Communications and Works Minister Julian Fraser said his party deserves credit for the territory’s improved phone service prices. He described days when residents would just look at their ringing telephones rather than answer them because they had to pay the cost of incoming calls.
“Those were the days of the past,” Mr. Fraser said. “After the Virgin Islands Party got into power in 2007, things have changed.” Mr. Fraser said that residents no longer have to pay for incoming calls, adding, “These are the good days. The days brought to you by the Virgin Islands Party.”
Mr.

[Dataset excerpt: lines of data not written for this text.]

(* Let $(T,E)$ be the $3$-regular tree, $x\in T$ and $y$ a neighbor of $x$. Define functions $u_t:\mathbb Z\to\mathbb Z$ for $t\ge 0$ recursively: $u_0[0]=u_0[-1]=1$ and $u_0[s]=0$ for all other $s$; given $u_t$, first define $u_{t+1}[s]$ for odd $s$ by $$u_{t+1}[s]=\begin{cases}2u_t[s-1]-u_t[s]+u_t[s+1] & s<0,\\ u_t[s-1]-u_t[s]+2u_t[s+1] & s>0,\end{cases}$$ and then for even $s$ by $$u_{t+1}[s]=\begin{cases}2u_{t+1}[s-1]-u_t[s]+u_{t+1}[s+1] & s<0,\\ u_{t+1}[s-1]-u_t[s]+2u_{t+1}[s+1] & s\ge 0.\end{cases}$$ Then for every $t\ge 0$: for $s\ge 0$, $u_t[s]=r_{2t}(x,y)_z$ for every $z\in T_s(x,y)$, and for $s\le -1$, $u_t[s]=r_{2t}(x,y)_z$ for every $z\in T'_{-s}(x,y)$; moreover $$f_{4t-1}=\sum_{s\ge 1,\ s\text{ odd}}2^s u_t[s]+\sum_{s\ge 1,\ s \text{ odd}}2^{s-1}u_t[-s],\qquad f_{4t+1}=\sum_{s\ge 0,\ s\text{ even}}2^s u_t[s]+\sum_{s\ge 2,\ s\text{ even}}2^{s-1}u_t[-s].$$
   Context: $(f_i)_{i\in\mathbb Z}$ are the Fibonacci numbers with $f_0=0$, $f_1=1$, $f_{i+1}=f_i+f_{i-1}$ for all $i\in\mathbb Z$. $(T,E)$ is the $3$-regular tree with graph distance $d$. $K_0(T)$ is the free abelian group with basis $\{s(z):z\in T\}$, elements written $a=\sum_z a_z s(z)$. For $v\in T$ the reflection $\sigma^v$ on $K_0(T)$ is $(\sigma^v a)_z=a_z$ for $z\ne v$, $(\sigma^v a)_v=-a_v+\sum_{\{w,v\}\in E}a_w$. $\Sigma^x$ is the composition of all $\sigma^v$ with $d(x,v)$ even and $\underline\Sigma^x$ the composition of all $\sigma^v$ with $d(x,v)$ odd. For neighbors $x,y$: $r_0(x,y)=s(x)+s(y)$, and $r_{t+1}(x,y)=\underline\Sigma^x r_t(x,y)$ for $t$ even, $r_{t+1}(x,y)=\Sigma^x r_t(x,y)$ for $t$ odd. $T_s(x,y)$ is the set of vertices $z$ with $d(x,z)=s$ such that the path from $x$ to $z$ does not pass through $y$; $T'_s(x,y)$ is the set of vertices $z$ with $d(x,z)=s$ whose path from $x$ passes through $y$. *)

From HB Require Import structures.
From mathcomp Require Import all_boot all_order all_algebra.
From mathcomp Require Import boolp.
Set Implicit Arguments. Unset Strict Implicit. Unset Printing Implicit Defensive.
Import Order.TTheory GRing.Theory Num.Theory.
Local Open Scope ring_scope.

(* ---------- The 3-regular tree ----------
   Model: the Cayley graph of Z/2 * Z/2 * Z/2, i.e. vertices are reduced words
   over the alphabet 'I_3 (no two consecutive letters equal); the three
   neighbours of a word w are obtained by multiplying on the left by a letter c
   (cancelling if w starts with c). *)
Definition reducedw (w : seq 'I_3) : bool := sorted (fun a b => a != b) w.

Definition V := {w : seq 'I_3 | reducedw w}.

Definition nbw (c : 'I_3) (w : seq 'I_3) : seq 'I_3 :=
  if w is a :: w' then (if a == c then w' else c :: w) else [:: c].

Lemma nbw_reduced c w : reducedw w -> reducedw (nbw c w).
Proof.
case: w => [//|a w] /= H; case: eqP => [_|/eqP ne]; first exact: path_sorted H.
by rewrite /reducedw /= eq_sym ne H.
Qed.

Definition nb (c : 'I_3) (v : V) : V := exist _ (nbw c (val v)) (nbw_reduced c (valP v)).

Definition adj : rel V := fun u v => [exists c : 'I_3, nb c u == v].

Definition dist_is (u v : V) (n : nat) : Prop :=
  (exists p : seq V, path adj u p /\ last u p = v /\ size p = n) /\
  (forall p : seq V, path adj u p -> last u p = v -> (n <= size p)%N).

Definition path_through (x y z : V) : Prop :=
  exists p : seq V, [/\ path adj x p, uniq (x :: p), last x p = z & y \in x :: p].

Definition inT (x y : V) (s : nat) (z : V) : Prop := dist_is x z s /\ ~ path_through x y z.
Definition inT' (x y : V) (s : nat) (z : V) : Prop := dist_is x z s /\ path_through x y z.

(* ---------- K_0(T) and reflections ----------
   Elements of K_0(T) are represented as functions V -> int (coefficients a_z). *)
Definition K0 := V -> int.

Definition sigma (v : V) (a : K0) : K0 :=
  fun z => if z == v then - a v + \sum_(c < 3) a (nb c v) else a z.

(* Sigma^x : composition of all sigma^v with d(x,v) even (these pairwise
   commute, the v's being pairwise non-adjacent); it acts at each such v as sigma^v. *)
Definition Sigma (x : V) (a : K0) : K0 :=
  fun z => if `[< exists n, dist_is x z n /\ ~~ odd n >] then sigma z a z else a z.

Definition USigma (x : V) (a : K0) : K0 :=
  fun z => if `[< exists n, dist_is x z n /\ odd n >] then sigma z a z else a z.

Fixpoint r (t : nat) (x y : V) : K0 :=
  match t with
  | 0 => fun z => (z == x)%:R + (z == y)%:R
  | t'.+1 => if odd t' then Sigma x (r t' x y) else USigma x (r t' x y)
  end.

Definition uodd (p : int -> int) (s : int) : int :=
  if s < 0 then 2 * p (s - 1) - p s + p (s + 1)
  else p (s - 1) - p s + 2 * p (s + 1).

Definition ueven (p q : int -> int) (s : int) : int :=
  if s < 0 then 2 * q (s - 1) - p s + q (s + 1)
  else q (s - 1) - p s + 2 * q (s + 1).

Fixpoint u (t : nat) : int -> int :=
  match t with
  | 0 => fun s => ((s == 0) || (s == -1))%:R
  | t'.+1 => let p := u t' in let q := uodd p in
             fun s => if odd `|s|%N then q s else ueven p q s
  end.

Fixpoint fibn (n : nat) : int :=
  match n with
  | 0 => 0
  | 1 => 1
  | (m.+1 as k).+1 => fibn k + fibn m
  end.

(* f_{-(n+1)} = (-1)^n f_{n+1}: the unique extension satisfying the recurrence *)
Definition fibZ (i : int) : int :=
  match i with
  | Posz n => fibn n
  | Negz n => (-1) ^+ n * fibn n.+1
  end.

From HB Require Import structures.
From mathcomp Require Import all_boot all_order all_algebra.
From mathcomp Require Import boolp.
From mathcomp Require Import zify ring.
Set Implicit Arguments.
Unset Strict Implicit.
Unset Printing Implicit Defensive.

Import Order.TTheory GRing.Theory Num.Theory.
Local Open Scope ring_scope.

(* Let y = nb c x. Every vertex z has a signed distance s(z) to x: d(x, z),
   negated when the geodesic from x to z runs through y. A vertex at signed
   distance s >= 0 has one neighbour at s - 1 and two at s + 1, and a vertex at
   s < 0 two at s - 1 and one at s + 1; hence both families of reflections map
   a configuration f o s to g o s, with g obtained from f by the rules defining
   u, and r_(2t) = u_t o s follows from r_0 = u_0 o s.
   Pairing the terms at s and -s, the two Fibonacci sums O(u_t), E(u_t) obey
   O(u_(t+1)) = 3 E(u_t) - O(u_t) and E(u_(t+1)) = 3 O(u_(t+1)) - E(u_t): the
   rules telescope, and u_t has finite support. This is the recursion
   f_(i+4) = 3 f_(i+2) - f_i. *)

Definition mulw (w v : seq 'I_3) : seq 'I_3 := foldr nbw v w.

Lemma nbwK c v : reducedw v -> nbw c (nbw c v) = v.
Proof.
case: v => [|a v] /=; first by rewrite eqxx.
case: (eqVneq a c) => [->|ne] H /=; last by rewrite eqxx.
by case: v H => [|b v] //= /andP [nb _]; rewrite eq_sym (negbTE nb).
Qed.

Lemma reducedw_mulw w v : reducedw v -> reducedw (mulw w v).
Proof. by elim: w => [|a w IH] //= /IH; apply: nbw_reduced. Qed.

Lemma mulw_nbw d w v : reducedw v -> mulw (nbw d w) v = nbw d (mulw w v).
Proof.
move=> Hv; case: w => [|a w] //=.
by case: eqP => [->|_] //=; rewrite nbwK // reducedw_mulw.
Qed.

Lemma mulw_revK w v : reducedw v -> mulw (rev w) (mulw w v) = v.
Proof.
elim: w v => [|a w IH] v Hv //=.
by rewrite rev_cons /mulw foldr_rcons -/(mulw _ _) nbwK ?reducedw_mulw ?IH.
Qed.

Lemma mulw0 w : reducedw w -> mulw w [::] = w.
Proof.
elim: w => [|a w IH] //= H; rewrite IH; last exact: path_sorted H.
by case: w H {IH} => [|b w] //= /andP [nb _]; rewrite eq_sym (negbTE nb).
Qed.

Lemma mulwA a b c : reducedw b -> reducedw c ->
  mulw (mulw a b) c = mulw a (mulw b c).
Proof. by move=> Hb Hc; elim: a => [|a1 a IH] //=; rewrite mulw_nbw // IH. Qed.

Lemma reducedw_rev w : reducedw w -> reducedw (rev w).
Proof. by rewrite /reducedw rev_sorted; apply: sub_sorted => a b; rewrite eq_sym. Qed.

(* The reduced word of z x^-1 in Z/2 * Z/2 * Z/2: the position of z seen from x. *)
Definition relw (x z : V) : seq 'I_3 := mulw (val z) (rev (val x)).

Lemma reducedw_relw x z : reducedw (relw x z).
Proof. exact/reducedw_mulw/reducedw_rev/valP. Qed.

Lemma relw_nb x d z : relw x (nb d z) = nbw d (relw x z).
Proof. exact/mulw_nbw/reducedw_rev/valP. Qed.

Lemma relw_id x : relw x x = [::].
Proof.
have := @mulw_revK (rev (val x)) [::] isT.
by rewrite revK mulw0 //; apply/reducedw_rev/valP.
Qed.

Lemma relw_inj x : injective (relw x).
Proof.
have relwK w : mulw (relw x w) (val x) = val w.
  rewrite /relw mulwA; [|exact/reducedw_rev/valP|exact: valP].
  by rewrite -{2}(mulw0 (valP x)) mulw_revK ?mulw0 // valP.
by move=> z z' E; apply: val_inj; rewrite -relwK E relwK.
Qed.

Lemma nbK d : involutive (nb d).
Proof. by move=> z; apply: val_inj; rewrite /= nbwK // valP. Qed.

(* Signed length of a reduced word: negative for the words ending in c, i.e.
   for the vertices reached from x through its neighbour [nb c x]. *)
Definition level (c : 'I_3) (g : seq 'I_3) : int :=
  if last c g == c then - (size g)%:Z else (size g)%:Z.

Lemma level_eq0 c g : level c g = 0 -> g = [::].
Proof. by rewrite /level; case: g => [|a g] //=; case: ifP => _; lia. Qed.

Lemma level_nbw c d g : reducedw g ->
  level c (nbw d g) =
  if (d == head c g) == (level c g < 0) then level c g + 1 else level c g - 1.
Proof.
have level_cons a g' : level c g' = if last a g' == c then - (size g')%:Z
                                     else (size g')%:Z.
  by rewrite /level; case: g' => [|b g'] //=; rewrite eqxx; case: (a == c).
case: g => [|a g] H; first by rewrite /level /= eqxx /=; case: (d == c) => /=; lia.
rewrite /= [level c (a :: g)]/level /=.
have E : level c (d :: a :: g) =
  if last a g == c then - (size g).+2%:Z else (size g).+2%:Z by [].
case: (eqVneq a d) => [->|ne];
  rewrite ?eqxx ?E ?(level_cons d g) ?(level_cons a g) ?(eq_sym d a) ?(negbTE ne);
  case: ifP => _ /=; lia.
Qed.

Lemma sum_level_nbw c g (f : int -> int) : reducedw g ->
  \sum_(d < 3) f (level c (nbw d g)) =
  if level c g < 0 then 2 * f (level c g - 1) + f (level c g + 1)
  else f (level c g - 1) + 2 * f (level c g + 1).
Proof.
move=> H; rewrite (bigD1 (head c g)) //= level_nbw // eqxx.
rewrite (eq_bigr (fun _ => f (if level c g < 0 then level c g - 1 else level c g + 1)));
  last by move=> d /negbTE hd; rewrite level_nbw // hd; case: (level c g < 0).
rewrite sumr_const cardC1 card_ord /=.
by case: (level c g < 0) => /=; ring.
Qed.

Definition sdist (x : V) (c : 'I_3) (z : V) : int := level c (relw x z).

Section SignedDistance.
Variables (x : V) (c : 'I_3).

Lemma sdist_id : sdist x c x = 0.
Proof. by rewrite /sdist relw_id /level /= eqxx. Qed.

Lemma sdist_nbx : sdist x c (nb c x) = -1.
Proof. by rewrite /sdist relw_nb relw_id /level /= eqxx. Qed.

Lemma sdist_nb d z : sdist x c (nb d z) =
  if (d == head c (relw x z)) == (sdist x c z < 0) then sdist x c z + 1
  else sdist x c z - 1.
Proof. by rewrite /sdist relw_nb level_nbw // reducedw_relw. Qed.

Lemma sdist_eq0 z : sdist x c z = 0 -> z = x.
Proof. by move/level_eq0 => H; apply: (@relw_inj x); rewrite H relw_id. Qed.

Lemma sdist_eqN1 z : sdist x c z = -1 -> z = nb c x.
Proof.
rewrite /sdist => H; apply: (@relw_inj x); rewrite relw_nb relw_id /=.
move: H; rewrite /level; case: (relw x z) => [|a [|b g]] /=; case: ifP => //; try lia.
by move/eqP => ->.
Qed.

Lemma sdist_adj u v : adj u v ->
  sdist x c v = sdist x c u + 1 \/ sdist x c v = sdist x c u - 1.
Proof. by case/existsP => d /eqP <-; rewrite sdist_nb; case: ifP; [left|right]. Qed.

Lemma sdist_path u p : path adj u p ->
  sdist x c (last u p) - sdist x c u <= (size p)%:Z /\
  sdist x c u - sdist x c (last u p) <= (size p)%:Z.
Proof.
elim: p u => [|v p IH] u /=; first by move=> _; lia.
by case/andP => /sdist_adj H /IH; case: H => H; lia.
Qed.

Lemma path_sdist_cross u q : path adj u q ->
  sdist x c u < 0 -> 0 <= sdist x c (last u q) -> x \in q.
Proof.
elim: q u => [|v q IH] u /=; first by move=> _; lia.
case/andP => /sdist_adj Huv Hq Hu.
case: (ltrP (sdist x c v) 0) => Hv.
  by move=> H; rewrite in_cons (IH v Hq Hv H) orbT.
move=> _; have /sdist_eq0 -> : sdist x c v = 0 by case: Huv => ?; lia.
exact: mem_head.
Qed.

Fraser, who called himself the “Liberaliser,” went on to say the VIP “brought in a third” mobile phone carrier, which he described as “true liberalisation.” He added that he supports a proposition to make the VI, the USVI and Puerto Rico a roaming-free calling zone.
Future plans
Some candidates also spoke about the changes they would like to see in government policy.

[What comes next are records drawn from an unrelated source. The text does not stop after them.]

(* Evaluation at [a j0] kills every term but the [j0]-th one. *)
Lemma lagrange_comb_neq0 (F : idomainType) (m : nat) (a c : 'I_m -> F) (j0 : 'I_m) :
  injective a -> c j0 != 0 ->
  \sum_j c j *: \prod_(k | k != j) ('X - (a k)%:P) != 0.
Proof.
move=> a_inj cj0; apply/negP => /eqP /(congr1 (horner^~ (a j0))).
have vanish j : j != j0 -> (c j *: \prod_(k | k != j) ('X - (a k)%:P)).[a j0] = 0.
  by move=> jj0; rewrite hornerZ horner_prod (bigD1 j0) 1?eq_sym //= hornerXsubC subrr mul0r mulr0.
rewrite horner0 horner_sum (bigD1 j0) //= [X in _ + X]big1 ?addr0; last exact: vanish.
rewrite hornerZ horner_prod => /eqP; rewrite mulf_eq0 (negbTE cj0) /=.
apply/negP/prodf_neq0 => k kj0; rewrite hornerXsubC subr_eq0.
by apply: contra kj0 => /eqP /a_inj ->.
Qed.

Lemma real_uncountable (R : realType) : ~ countable [set: R]%classic.
Proof.
move=> /countable_lebesgue_measure0 lebT0.
have := le_measure (@lebesgue_measure R) (mem_set (measurable_itv `[0, 1]))
  (mem_set measurableT) (subsetT _).
change ((@lebesgue_measure R `[0%R, 1%R]%classic <= @lebesgue_measure R setT)%E -> False).
by rewrite lebT0 lebesgue_measure_itv /= lte_fin ltr01 oppr0 adde0 lee_fin ler10.
Qed.

Lemma uncountable_bounded_fiber (T : Type) (f : T -> nat) :
  ~ countable [set: T]%classic -> exists N, infinite_set [set x | (f x <= N)%N]%classic.
Proof.
move=> NcT; apply: contrapT => /forallNP finf; apply: NcT.
have -> : [set: T]%classic = (\bigcup_(N in [set: nat]) [set x | (f x <= N)%N])%classic.
  by apply/seteqP; split => [x _|//]; rewrite /bigcup /=; exists (f x).
apply: bigcup_countable => [|N _]; first exact: countableP.
by apply: finite_set_countable; apply: contrapT; apply: finf.
Qed.

Lemma infinite_set_injective (T : choiceType) (A : set T) (m : nat) :
  infinite_set A -> exists2 a : 'I_m -> T, injective a & forall j, A (a j).
Proof.
move=> Ainf; have [x0 _] := infinite_setN0 Ainf.
have [B BA leBm] := infinite_set_fset m Ainf.
have lt_size (j : 'I_m) : (j < size B)%N := leq_trans (ltn_ord j) leBm.
exists (fun j => nth x0 B j).
  by move=> j k /eqP; rewrite nth_uniq ?lt_size ?fset_uniq // => /eqP /val_inj.
by move=> j; apply: BA; rewrite /= mem_nth ?lt_size.
Qed.

Section Coordinates.
Variables (R : realType) (n N : nat).
Local Notation H := (quat R).
Local Notation P := {mpoly H[n]}.
Local Notation K := (#|{: 'X_{1..n < N}}| * 4)%N.

Definition mpoly_coords (p : P) : 'rV[R]_K :=
  mxvec (\matrix_i quat_coords p@_(enum_val i : 'X_{1..n < N})).

Lemma mpoly_coords_is_additive : additive mpoly_coords.
Proof.
move=> p q; rewrite /mpoly_coords -linearB; congr mxvec.
by apply/matrixP => i k; rewrite [LHS]mxE mcoeffB raddfB !mxE.
Qed.
HB.instance Definition _ :=
  GRing.isAdditive.Build _ _ mpoly_coords mpoly_coords_is_additive.

Lemma mpoly_coords_qrealM (a : R) (p : P) :
  mpoly_coords ((qreal a)%:MP * p) = a *: mpoly_coords p.
Proof.
rewrite /mpoly_coords -linearZ; congr mxvec.
by apply/matrixP => i k; rewrite [LHS]mxE mcoeffCM quat_coords_qrealM !mxE.
Qed.

Lemma mpoly_coords_eq0 (p : P) : (msize p <= N)%N -> mpoly_coords p = 0 -> p = 0.
Proof.
move=> szp /eqP; rewrite mxvec_eq0 => /eqP /row_matrixP p0.
apply/mpolyP => m; rewrite mcoeff0; have [ltmN|] := ltnP (mdeg m) N.
  have := p0 (enum_rank (BMultinom ltmN)); rewrite rowK row0 enum_rankK.
  exact: quat_coords_eq0.
by move=> /(leq_trans szp) /msize_mdeg_ge /memN_msupp_eq0.
Qed.

(* Polynomials of size at most [N] form a real vector space of dimension [K]. *)
Lemma mpoly_bounded_lin_dep (u : 'I_K.+1 -> P) : (forall j, msize (u j) <= N)%N ->
  exists2 c : 'rV[R]_K.+1, c != 0 & \sum_j (qreal (c 0 j))%:MP * u j = 0.
Proof.
move=> szu; pose A := \matrix_j mpoly_coords (u j).
have /rowV0Pn [c /sub_kermxP cA c0] := kermx_tall_neq0 A.
exists c => //; apply: mpoly_coords_eq0.
  apply: leq_trans (msize_sum _ _ _) _; apply/bigmax_leqP => j _.
  by rewrite mul_mpolyC (leq_trans (msizeZ_le _ _)).
rewrite raddf_sum -[RHS]cA mulmx_sum_row; apply: eq_bigr => j _.
by rewrite rowK; apply: mpoly_coords_qrealM.
Qed.

End Coordinates.

Section Evaluation.
Variables (R : realType) (n : nat) (i : 'I_n).
Local Notation H := (quat R).
Local Notation P := {mpoly H[n]}.

Definition mpolyC_qcomplex : {rmorphism R[i] -> P} := @mpolyC n H \o @qcomplex R.

Lemma commr_mpolyX_qcomplex : commr_rmorph mpolyC_qcomplex 'X_i.
Proof. by move=> z; apply/esym/commr_mpolyX. Qed.

Definition evalX : {rmorphism {poly R[i]} -> P} := horner_morph commr_mpolyX_qcomplex.

Lemma evalXC (z : R[i]) : evalX z%:P = (qcomplex z)%:MP.
Proof. exact: horner_morphC. Qed.

Lemma evalX_XsubC (z : R[i]) : evalX ('X - z%:P) = 'X_i - (qcomplex z)%:MP.
Proof. by rewrite rmorphB /= horner_morphX evalXC. Qed.

End Evaluation.

Arguments evalX {R n} i.

Lemma mpoly_congr_const (T : nzRingType) (n : nat) (a : 'I_n -> T) :
  (forall i x, a i * x = x * a i) ->
  forall p : {mpoly T[n]}, exists c, left_ideal_gen (fun i => 'X_i - (a i)%:MP) (p - c%:MP).
Proof.
move=> aC p; set L := left_ideal_gen _.
have hL : is_twosided_ideal L.
  apply: left_ideal_gen_central => i x.
  by rewrite mulrBl mulrBr -commr_mpolyX (mpolyC_central (aC i)).
have hL1 := hL.1; pose S q := exists c, L (q - c%:MP).
have SC c : S c%:MP by exists c; rewrite subrr; exact: (left_ideal0 hL1).
have SD q r : S q -> S r -> S (q + r).
  move=> [c Lq] [d Lr]; exists (c + d).
  by rewrite mpolyCD opprD addrACA; exact: (left_idealD hL1).
have SM q r : S q -> S r -> S (q * r).
  move=> [c Lq] [d Lr]; exists (c * d).
  have -> : q * r - (c * d)%:MP = q * (r - d%:MP) + (q - c%:MP) * d%:MP.
    by rewrite mulrBr mulrBl mpolyCM addrA subrK.
  by apply: (left_idealD hL1); [exact: left_idealMl | exact: (twosided_idealMr hL)].
have SX i k : S ('X_i ^+ k).
  elim: k => [|k IHk]; first by rewrite expr0 -mpolyC1; apply: SC.
  by rewrite exprS; apply: SM IHk; exists (a i); apply: left_ideal_gen_mem.
elim/mpolyind: p => [|c m p _ _ Sp]; first by rewrite -mpolyC0; apply: SC.
apply: SD Sp; rewrite -mul_mpolyC mpolyXE_id; apply: (SM _ _ (SC c)).
by apply: big_ind => [||i _]; [rewrite -mpolyC1; apply: SC | exact: SM | exact: SX].
Qed.

Section TwosidedMaximal.
Variables (R : realType) (n : nat) (M : {mpoly (quat R)[n]} -> Prop).
Hypothesis hMx : is_maximal_left_ideal M.
Let hM : is_left_ideal M. Proof. by case: hMx. Qed.

Lemma ideal_mpolyC_eq0 (c : quat R) : M c%:MP -> c = 0.
Proof.
move=> Mc; apply: contrapT => /eqP /quat_invl [y yc].
apply: (maximal_left_idealN1 hMx).
by rewrite -mpolyC1 -yc mpolyCM; apply: (left_idealMl hM).
Qed.

Lemma ideal_eq_left_ideal_gen (a : 'I_n -> R) :
  (forall i, M ('X_i - (qreal (a i))%:MP)) ->
  forall x, M x <-> left_ideal_gen (fun i => 'X_i - (qreal (a i))%:MP) x.
Proof.
move=> Ma x; have LM := left_ideal_gen_min hM Ma.
split => [Mx|/LM //].
have [c Lxc] := mpoly_congr_const (fun i => qreal_central (a i)) x.
suff /ideal_mpolyC_eq0 c0 : M c%:MP by rewrite c0 subr0 in Lxc.
by rewrite -[c%:MP](subKr x); apply: left_idealB Mx (LM _ Lxc).
Qed.

Hypothesis hM2 : is_twosided_ideal M.

(* [d (X_i - c) - (X_i - c) d = c d - d c] because [X_i] is central. *)
Lemma ideal_X_sub_real (i : 'I_n) (c : quat R) :
  M ('X_i - c%:MP) -> c = qreal (q0 c).
Proof.
move=> Mc; apply: quat_center => d; apply/eqP; rewrite -subr_eq0; apply/eqP.
apply: ideal_mpolyC_eq0; rewrite mpolyCB !mpolyCM.
have <- : d%:MP * ('X_i - c%:MP) - ('X_i - c%:MP) * d%:MP =
          c%:MP * d%:MP - d%:MP * c%:MP.
  by rewrite mulrBr mulrBl commr_mpolyX opprB addrC addrA subrK.
by apply: (left_idealB hM); [exact: left_idealMl | exact: (twosided_idealMr hM2)].
Qed.

Lemma ideal_X_sub_root (i : 'I_n) (f : {poly R[i]}) :
  f != 0 -> M (evalX i f) -> exists z, M ('X_i - (qcomplex z)%:MP).
Proof.
move=> f0; have [r ->] := closed_field_poly_normal f.
rewrite -mul_polyC rmorphM /= evalXC rmorph_prod /= => Mf.
have /(twosided_maximal_ideal_prime hMx hM2 Mf) : ~ M (qcomplex (lead_coef f))%:MP.
  by move=> /ideal_mpolyC_eq0 /eqP; rewrite fmorph_eq0 lead_coef_eq0 (negbTE f0).
by case/(twosided_maximal_ideal_prod hMx hM2) => z; rewrite evalX_XsubC; exists z.
Qed.

(* The combination equals [- sum_j c j (u j (X_i - a j) - 1) prod_(k != j) (X_i - a k)]. *)
Lemma ideal_lagrange_comb (i : 'I_n) (m : nat) (a c : 'I_m -> R) (u : 'I_m -> {mpoly (quat R)[n]}) :
  (forall j, M (u j * ('X_i - (qreal (a j))%:MP) - 1)) ->
  \sum_j (qreal (c j))%:MP * u j = 0 ->
  M (evalX i (\sum_j (c j)%:C%C *: \prod_(k | k != j) ('X - (a k)%:C%C%:P))).
Proof.
move=> Mu cu0; rewrite raddf_sum /=.
pose p j := \prod_(k | k != j) ('X - (a k)%:C%C%:P).
have termE j : evalX i ((c j)%:C%C *: p j) =
    (qreal (c j))%:MP * u j * evalX i (\prod_k ('X - (a k)%:C%C%:P)) -
    (qreal (c j))%:MP * (u j * ('X_i - (qreal (a j))%:MP) - 1) * evalX i (p j).
  rewrite (bigD1 j) //= -/(p j) rmorphM -mul_polyC rmorphM /= evalXC evalX_XsubC.
  by rewrite !qcomplex_real [_ * (_ - 1)]mulrBr mulr1 [(_ * _ - _) * _]mulrBl opprB !mulrA subrKC.
rewrite (eq_bigr _ (fun j _ => termE j)) sumrB -mulr_suml cu0 mul0r sub0r.
apply: (left_idealN hM); apply: (left_ideal_sum hM) => j _.
by apply: (twosided_idealMr hM2); apply: (left_idealMl hM).
Qed.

“There are changes to be made in a number of areas,” said Vernon Malone, at-large representative, in a speech that focused largely on the former police commissioner’s pet topic: crime.
Mr. Malone said the territory needs to “develop our police force” if crime is to be reduced. He added that the government has a police shooting range for training in progress on Dead Chest Island.
He also wants the government to introduce scholarships to send three officers a year to a police college in the UK. He added that a police training academy should be established in the territory, to nods of agreement from candidates seated behind him.
“Training is essential to what we are going to achieve in the police force,” Mr. Malone said.
At-large representative Keith Flax said he advocates for an amendment to the Constitution, a document he said has been a “thorn in our flesh.”
“Our position in the grand scheme of things need to be defined,” Mr. Flax said of at-large representatives. He said he would have liked to get more done, but the constitutional lack of defined responsibilities for at-large representatives held him back.
Ms. McMillan said the VIP wants to see changes in education, too.
“This government is in the process of modifying Virgin Islands classrooms” to have Smart Boards installed, she said, before employing Education and Culture Minister Andrew Fahie’s oft-used phrase to describe the progress of schools “from good to great.”